**Stored data:**

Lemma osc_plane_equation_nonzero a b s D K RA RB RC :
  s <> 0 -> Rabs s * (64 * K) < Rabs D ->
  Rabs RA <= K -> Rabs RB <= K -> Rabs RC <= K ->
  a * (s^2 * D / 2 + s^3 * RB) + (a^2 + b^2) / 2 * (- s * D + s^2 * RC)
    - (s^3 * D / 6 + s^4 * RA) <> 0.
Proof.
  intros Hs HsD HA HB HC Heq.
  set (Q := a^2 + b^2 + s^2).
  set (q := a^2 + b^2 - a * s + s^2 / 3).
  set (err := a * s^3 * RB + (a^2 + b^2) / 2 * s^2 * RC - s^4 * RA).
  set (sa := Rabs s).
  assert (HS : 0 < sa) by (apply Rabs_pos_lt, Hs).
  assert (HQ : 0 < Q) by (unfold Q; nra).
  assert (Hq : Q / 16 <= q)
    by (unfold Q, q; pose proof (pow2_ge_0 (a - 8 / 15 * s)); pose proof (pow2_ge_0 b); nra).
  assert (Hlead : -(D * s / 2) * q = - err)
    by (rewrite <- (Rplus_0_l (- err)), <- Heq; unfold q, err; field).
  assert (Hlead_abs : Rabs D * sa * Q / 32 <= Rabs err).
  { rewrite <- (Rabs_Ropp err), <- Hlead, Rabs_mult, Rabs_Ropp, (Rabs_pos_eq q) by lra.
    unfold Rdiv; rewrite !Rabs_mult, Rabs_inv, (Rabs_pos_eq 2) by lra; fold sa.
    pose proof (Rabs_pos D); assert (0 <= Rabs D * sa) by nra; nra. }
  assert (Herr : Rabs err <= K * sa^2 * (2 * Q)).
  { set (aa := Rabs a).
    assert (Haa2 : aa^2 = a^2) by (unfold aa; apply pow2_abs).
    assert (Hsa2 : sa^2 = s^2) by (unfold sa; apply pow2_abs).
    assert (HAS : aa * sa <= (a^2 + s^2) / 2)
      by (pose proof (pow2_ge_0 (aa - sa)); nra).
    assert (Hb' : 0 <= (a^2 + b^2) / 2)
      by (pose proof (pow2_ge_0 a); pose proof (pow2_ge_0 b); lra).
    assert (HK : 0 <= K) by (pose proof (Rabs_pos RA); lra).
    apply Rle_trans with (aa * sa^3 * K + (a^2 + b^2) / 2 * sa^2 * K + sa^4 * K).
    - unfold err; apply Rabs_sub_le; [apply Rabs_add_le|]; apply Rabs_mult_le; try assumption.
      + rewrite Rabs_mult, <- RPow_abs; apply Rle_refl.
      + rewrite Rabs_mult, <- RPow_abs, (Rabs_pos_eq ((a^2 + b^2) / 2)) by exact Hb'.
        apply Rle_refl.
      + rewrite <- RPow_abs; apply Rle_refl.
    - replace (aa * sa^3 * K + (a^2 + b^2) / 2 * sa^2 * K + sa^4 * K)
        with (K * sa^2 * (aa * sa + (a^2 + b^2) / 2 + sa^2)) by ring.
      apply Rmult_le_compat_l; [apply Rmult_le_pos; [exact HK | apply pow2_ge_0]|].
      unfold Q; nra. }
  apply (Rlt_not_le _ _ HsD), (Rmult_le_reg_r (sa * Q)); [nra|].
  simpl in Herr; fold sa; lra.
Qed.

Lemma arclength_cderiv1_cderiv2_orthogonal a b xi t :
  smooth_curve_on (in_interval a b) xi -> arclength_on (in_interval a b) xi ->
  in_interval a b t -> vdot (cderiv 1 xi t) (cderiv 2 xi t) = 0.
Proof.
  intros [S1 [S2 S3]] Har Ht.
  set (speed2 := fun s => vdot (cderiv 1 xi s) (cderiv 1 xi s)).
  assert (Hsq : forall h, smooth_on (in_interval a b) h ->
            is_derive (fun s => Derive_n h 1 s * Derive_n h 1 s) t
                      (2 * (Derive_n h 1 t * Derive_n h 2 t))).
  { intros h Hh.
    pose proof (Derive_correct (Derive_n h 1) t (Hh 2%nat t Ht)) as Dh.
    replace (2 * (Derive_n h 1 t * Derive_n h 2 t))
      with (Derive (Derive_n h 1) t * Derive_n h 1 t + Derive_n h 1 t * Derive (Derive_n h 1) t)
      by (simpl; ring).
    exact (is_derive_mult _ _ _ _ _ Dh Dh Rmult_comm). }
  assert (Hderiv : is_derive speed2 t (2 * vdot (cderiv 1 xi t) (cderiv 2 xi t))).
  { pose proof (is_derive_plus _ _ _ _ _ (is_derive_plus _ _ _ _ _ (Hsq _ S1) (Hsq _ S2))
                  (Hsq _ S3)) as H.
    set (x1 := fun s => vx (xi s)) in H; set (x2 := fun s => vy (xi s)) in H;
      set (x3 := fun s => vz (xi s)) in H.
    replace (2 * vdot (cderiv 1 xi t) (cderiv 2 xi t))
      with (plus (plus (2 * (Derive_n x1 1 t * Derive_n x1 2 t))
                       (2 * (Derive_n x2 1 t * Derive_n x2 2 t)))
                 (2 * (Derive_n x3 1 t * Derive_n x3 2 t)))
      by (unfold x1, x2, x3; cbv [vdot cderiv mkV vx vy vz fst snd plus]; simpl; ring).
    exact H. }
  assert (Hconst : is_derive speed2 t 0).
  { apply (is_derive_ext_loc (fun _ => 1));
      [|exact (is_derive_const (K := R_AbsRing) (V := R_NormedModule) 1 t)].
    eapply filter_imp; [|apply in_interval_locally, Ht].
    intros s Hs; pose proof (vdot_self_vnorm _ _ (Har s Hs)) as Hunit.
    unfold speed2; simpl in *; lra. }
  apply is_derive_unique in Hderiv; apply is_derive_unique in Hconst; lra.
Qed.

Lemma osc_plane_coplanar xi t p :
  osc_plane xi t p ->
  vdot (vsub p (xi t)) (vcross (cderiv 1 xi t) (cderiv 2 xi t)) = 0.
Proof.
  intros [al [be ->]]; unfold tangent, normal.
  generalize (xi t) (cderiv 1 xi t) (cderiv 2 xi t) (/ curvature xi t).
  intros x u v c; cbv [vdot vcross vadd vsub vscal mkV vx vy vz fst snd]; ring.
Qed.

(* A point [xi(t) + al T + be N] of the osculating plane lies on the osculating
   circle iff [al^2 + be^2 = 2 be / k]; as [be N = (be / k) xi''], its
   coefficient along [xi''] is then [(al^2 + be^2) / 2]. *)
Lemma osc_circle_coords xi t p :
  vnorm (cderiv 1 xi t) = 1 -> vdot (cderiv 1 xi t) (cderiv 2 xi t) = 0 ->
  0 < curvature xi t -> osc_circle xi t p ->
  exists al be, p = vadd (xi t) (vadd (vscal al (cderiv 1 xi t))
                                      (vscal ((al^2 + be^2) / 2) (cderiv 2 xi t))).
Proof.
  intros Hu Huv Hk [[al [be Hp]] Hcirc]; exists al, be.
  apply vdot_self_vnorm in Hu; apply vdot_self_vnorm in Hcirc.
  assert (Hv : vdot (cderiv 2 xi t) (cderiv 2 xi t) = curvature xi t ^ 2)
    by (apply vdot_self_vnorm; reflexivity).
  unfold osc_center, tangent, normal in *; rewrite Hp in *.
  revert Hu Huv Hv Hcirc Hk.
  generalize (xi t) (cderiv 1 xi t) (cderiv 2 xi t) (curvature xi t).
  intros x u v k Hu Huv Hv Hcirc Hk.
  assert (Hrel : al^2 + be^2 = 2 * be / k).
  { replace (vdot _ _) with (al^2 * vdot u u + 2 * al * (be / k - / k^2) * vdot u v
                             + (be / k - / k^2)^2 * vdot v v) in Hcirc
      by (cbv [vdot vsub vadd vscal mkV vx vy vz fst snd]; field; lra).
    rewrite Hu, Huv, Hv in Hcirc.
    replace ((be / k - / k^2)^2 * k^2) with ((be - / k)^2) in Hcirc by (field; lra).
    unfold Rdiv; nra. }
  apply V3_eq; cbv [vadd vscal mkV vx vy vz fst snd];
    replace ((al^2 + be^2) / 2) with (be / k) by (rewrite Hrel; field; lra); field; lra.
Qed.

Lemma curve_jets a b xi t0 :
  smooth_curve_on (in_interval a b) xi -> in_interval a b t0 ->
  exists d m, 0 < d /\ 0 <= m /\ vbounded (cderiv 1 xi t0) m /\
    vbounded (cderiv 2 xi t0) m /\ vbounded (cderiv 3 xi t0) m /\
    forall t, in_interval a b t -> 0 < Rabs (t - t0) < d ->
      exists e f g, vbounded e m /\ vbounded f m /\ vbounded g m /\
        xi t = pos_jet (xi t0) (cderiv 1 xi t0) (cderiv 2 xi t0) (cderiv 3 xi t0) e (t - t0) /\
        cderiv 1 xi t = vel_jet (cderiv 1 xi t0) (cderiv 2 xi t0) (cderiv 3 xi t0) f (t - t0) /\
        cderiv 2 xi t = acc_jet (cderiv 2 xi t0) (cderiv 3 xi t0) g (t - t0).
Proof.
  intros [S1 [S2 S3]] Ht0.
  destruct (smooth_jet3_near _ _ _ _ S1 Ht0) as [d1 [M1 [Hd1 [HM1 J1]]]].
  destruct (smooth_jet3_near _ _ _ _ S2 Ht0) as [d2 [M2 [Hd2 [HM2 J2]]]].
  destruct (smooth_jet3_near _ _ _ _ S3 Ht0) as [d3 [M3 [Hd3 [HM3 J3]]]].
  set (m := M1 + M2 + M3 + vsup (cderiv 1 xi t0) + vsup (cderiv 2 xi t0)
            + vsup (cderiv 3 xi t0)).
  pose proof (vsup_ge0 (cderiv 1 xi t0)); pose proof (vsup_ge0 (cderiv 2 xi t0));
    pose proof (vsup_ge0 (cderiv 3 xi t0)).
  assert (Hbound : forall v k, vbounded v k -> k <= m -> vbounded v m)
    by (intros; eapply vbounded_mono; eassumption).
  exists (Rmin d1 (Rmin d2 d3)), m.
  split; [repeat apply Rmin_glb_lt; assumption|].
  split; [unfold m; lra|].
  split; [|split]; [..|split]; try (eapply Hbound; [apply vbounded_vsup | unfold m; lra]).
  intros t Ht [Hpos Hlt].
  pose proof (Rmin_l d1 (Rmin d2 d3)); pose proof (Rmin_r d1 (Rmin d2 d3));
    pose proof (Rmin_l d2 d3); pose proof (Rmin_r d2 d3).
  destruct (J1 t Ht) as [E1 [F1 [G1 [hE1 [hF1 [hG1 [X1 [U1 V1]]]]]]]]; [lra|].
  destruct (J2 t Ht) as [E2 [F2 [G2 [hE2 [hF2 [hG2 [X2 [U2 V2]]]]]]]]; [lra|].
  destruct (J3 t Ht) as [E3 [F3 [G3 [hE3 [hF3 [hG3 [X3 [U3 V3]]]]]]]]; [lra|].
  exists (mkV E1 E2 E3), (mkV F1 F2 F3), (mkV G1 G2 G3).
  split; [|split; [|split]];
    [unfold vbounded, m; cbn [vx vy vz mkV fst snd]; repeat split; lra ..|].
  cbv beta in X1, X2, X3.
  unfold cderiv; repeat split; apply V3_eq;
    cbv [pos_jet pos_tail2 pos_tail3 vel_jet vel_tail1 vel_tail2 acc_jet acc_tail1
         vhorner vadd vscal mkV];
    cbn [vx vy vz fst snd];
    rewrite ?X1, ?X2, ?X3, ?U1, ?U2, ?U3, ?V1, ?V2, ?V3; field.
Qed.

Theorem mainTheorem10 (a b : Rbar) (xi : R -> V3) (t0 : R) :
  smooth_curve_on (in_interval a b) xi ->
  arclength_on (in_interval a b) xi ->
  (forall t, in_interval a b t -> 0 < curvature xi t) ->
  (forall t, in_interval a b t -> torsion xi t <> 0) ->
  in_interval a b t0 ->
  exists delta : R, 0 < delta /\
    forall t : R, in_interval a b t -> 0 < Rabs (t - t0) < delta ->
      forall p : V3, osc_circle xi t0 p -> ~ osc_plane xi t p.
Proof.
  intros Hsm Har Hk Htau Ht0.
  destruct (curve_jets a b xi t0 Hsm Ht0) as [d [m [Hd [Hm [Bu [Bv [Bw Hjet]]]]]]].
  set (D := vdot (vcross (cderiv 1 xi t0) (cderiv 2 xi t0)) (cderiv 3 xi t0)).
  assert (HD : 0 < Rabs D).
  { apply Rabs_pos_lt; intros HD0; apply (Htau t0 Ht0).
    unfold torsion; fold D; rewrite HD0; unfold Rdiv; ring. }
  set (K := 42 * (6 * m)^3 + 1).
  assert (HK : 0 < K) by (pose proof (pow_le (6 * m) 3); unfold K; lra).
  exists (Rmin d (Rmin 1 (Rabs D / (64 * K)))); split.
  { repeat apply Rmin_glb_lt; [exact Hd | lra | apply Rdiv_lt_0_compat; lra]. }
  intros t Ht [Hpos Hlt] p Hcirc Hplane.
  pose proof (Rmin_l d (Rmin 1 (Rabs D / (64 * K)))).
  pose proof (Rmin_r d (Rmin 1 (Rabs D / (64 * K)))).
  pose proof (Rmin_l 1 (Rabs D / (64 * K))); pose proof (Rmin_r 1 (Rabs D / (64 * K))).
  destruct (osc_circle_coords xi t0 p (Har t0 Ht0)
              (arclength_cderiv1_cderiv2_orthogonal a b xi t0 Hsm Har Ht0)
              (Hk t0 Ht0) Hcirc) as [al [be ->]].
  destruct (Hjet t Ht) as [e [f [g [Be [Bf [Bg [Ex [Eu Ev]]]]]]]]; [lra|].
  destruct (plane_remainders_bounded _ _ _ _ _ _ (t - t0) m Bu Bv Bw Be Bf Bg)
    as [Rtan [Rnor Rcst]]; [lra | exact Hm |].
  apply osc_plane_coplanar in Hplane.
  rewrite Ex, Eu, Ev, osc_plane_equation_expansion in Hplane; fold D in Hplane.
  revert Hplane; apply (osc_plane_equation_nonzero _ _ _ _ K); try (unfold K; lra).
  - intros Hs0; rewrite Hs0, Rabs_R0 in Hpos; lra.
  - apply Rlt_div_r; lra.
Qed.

...

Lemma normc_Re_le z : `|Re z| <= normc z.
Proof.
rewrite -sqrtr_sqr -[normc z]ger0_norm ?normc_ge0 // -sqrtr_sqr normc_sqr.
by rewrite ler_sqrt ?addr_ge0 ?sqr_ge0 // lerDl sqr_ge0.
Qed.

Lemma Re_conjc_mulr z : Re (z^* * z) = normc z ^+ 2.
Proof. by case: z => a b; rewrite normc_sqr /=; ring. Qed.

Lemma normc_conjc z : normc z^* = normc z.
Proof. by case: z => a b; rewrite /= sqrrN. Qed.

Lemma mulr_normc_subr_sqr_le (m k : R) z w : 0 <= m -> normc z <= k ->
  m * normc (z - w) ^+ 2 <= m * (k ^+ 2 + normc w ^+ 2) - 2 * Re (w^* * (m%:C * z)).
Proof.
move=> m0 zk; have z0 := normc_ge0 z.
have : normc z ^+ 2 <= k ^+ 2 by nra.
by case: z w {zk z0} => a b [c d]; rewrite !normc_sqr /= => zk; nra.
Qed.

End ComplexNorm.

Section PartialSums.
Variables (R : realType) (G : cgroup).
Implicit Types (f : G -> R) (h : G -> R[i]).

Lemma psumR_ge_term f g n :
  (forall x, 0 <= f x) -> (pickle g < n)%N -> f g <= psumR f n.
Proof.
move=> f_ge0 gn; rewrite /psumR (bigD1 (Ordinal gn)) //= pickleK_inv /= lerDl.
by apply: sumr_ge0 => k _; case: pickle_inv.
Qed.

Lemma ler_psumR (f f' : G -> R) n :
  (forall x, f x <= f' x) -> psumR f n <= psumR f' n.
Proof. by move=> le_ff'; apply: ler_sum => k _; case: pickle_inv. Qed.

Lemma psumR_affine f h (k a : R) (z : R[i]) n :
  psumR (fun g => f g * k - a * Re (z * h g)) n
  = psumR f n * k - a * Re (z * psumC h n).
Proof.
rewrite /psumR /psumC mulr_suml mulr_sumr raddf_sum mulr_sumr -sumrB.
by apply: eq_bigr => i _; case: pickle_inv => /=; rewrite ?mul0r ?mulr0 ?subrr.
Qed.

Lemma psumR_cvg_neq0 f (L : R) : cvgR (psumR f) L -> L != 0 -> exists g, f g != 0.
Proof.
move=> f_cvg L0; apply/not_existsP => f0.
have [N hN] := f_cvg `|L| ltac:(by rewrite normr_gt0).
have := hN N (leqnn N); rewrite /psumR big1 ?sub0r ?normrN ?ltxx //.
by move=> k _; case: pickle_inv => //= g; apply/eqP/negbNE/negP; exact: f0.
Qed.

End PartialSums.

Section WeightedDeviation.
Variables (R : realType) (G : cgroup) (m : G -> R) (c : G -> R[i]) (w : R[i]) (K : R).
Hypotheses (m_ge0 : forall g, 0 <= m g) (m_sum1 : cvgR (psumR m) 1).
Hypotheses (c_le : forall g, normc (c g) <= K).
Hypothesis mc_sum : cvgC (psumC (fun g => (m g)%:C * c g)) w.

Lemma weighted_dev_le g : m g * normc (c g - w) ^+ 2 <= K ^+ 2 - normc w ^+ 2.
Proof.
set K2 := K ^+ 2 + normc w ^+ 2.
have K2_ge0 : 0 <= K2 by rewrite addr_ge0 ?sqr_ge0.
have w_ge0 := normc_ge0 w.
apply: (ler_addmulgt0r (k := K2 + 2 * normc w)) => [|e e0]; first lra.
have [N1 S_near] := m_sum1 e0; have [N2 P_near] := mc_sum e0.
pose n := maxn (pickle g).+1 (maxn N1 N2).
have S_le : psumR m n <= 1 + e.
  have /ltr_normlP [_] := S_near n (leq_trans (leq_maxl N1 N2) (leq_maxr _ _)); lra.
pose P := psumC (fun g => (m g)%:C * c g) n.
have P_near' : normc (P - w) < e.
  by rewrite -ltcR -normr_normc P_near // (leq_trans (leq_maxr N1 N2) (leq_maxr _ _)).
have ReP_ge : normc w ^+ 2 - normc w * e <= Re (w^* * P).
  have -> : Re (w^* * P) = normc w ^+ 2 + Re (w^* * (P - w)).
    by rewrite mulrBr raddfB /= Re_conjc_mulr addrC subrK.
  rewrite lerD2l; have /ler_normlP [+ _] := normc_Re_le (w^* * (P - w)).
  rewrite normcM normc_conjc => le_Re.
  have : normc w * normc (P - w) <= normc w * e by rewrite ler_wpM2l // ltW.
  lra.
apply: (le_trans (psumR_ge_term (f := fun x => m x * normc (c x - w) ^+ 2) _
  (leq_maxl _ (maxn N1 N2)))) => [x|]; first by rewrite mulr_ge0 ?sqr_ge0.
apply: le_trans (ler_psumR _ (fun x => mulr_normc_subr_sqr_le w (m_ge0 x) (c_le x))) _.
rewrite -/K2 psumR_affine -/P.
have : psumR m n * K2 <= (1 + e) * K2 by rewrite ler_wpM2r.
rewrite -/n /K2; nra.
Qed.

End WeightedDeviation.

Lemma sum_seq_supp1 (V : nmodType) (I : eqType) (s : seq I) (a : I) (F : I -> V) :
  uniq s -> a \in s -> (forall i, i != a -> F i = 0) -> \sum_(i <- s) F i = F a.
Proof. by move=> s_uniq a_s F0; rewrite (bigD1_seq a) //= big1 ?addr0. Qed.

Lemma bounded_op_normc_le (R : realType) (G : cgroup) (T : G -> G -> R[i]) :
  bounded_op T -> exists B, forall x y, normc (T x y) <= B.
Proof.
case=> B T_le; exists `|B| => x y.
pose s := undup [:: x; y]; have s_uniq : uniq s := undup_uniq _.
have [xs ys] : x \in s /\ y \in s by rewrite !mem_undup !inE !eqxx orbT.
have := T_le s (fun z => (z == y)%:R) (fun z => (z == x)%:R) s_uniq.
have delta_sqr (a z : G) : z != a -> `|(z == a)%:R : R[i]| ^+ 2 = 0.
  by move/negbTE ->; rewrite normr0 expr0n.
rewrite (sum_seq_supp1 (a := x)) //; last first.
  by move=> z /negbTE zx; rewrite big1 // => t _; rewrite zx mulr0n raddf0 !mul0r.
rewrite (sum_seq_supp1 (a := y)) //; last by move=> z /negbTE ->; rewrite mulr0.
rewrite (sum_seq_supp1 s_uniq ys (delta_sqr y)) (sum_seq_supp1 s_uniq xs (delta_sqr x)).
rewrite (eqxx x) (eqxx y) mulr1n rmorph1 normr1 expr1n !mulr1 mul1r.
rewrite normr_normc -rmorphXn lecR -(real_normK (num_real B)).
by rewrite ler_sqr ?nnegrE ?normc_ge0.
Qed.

**EXERCISE GOAL:**
In the data above, retype exactly and only the lines between the one holding "circle iff [al^2" and the one holding "0 < curvature xi t -> osc_circle xi t p ->", inclusive.

**WRITTEN SOLUTION:**
   circle iff [al^2 + be^2 = 2 be / k]; as [be N = (be / k) xi''], its
   coefficient along [xi''] is then [(al^2 + be^2) / 2]. *)
Lemma osc_circle_coords xi t p :
  vnorm (cderiv 1 xi t) = 1 -> vdot (cderiv 1 xi t) (cderiv 2 xi t) = 0 ->
  0 < curvature xi t -> osc_circle xi t p ->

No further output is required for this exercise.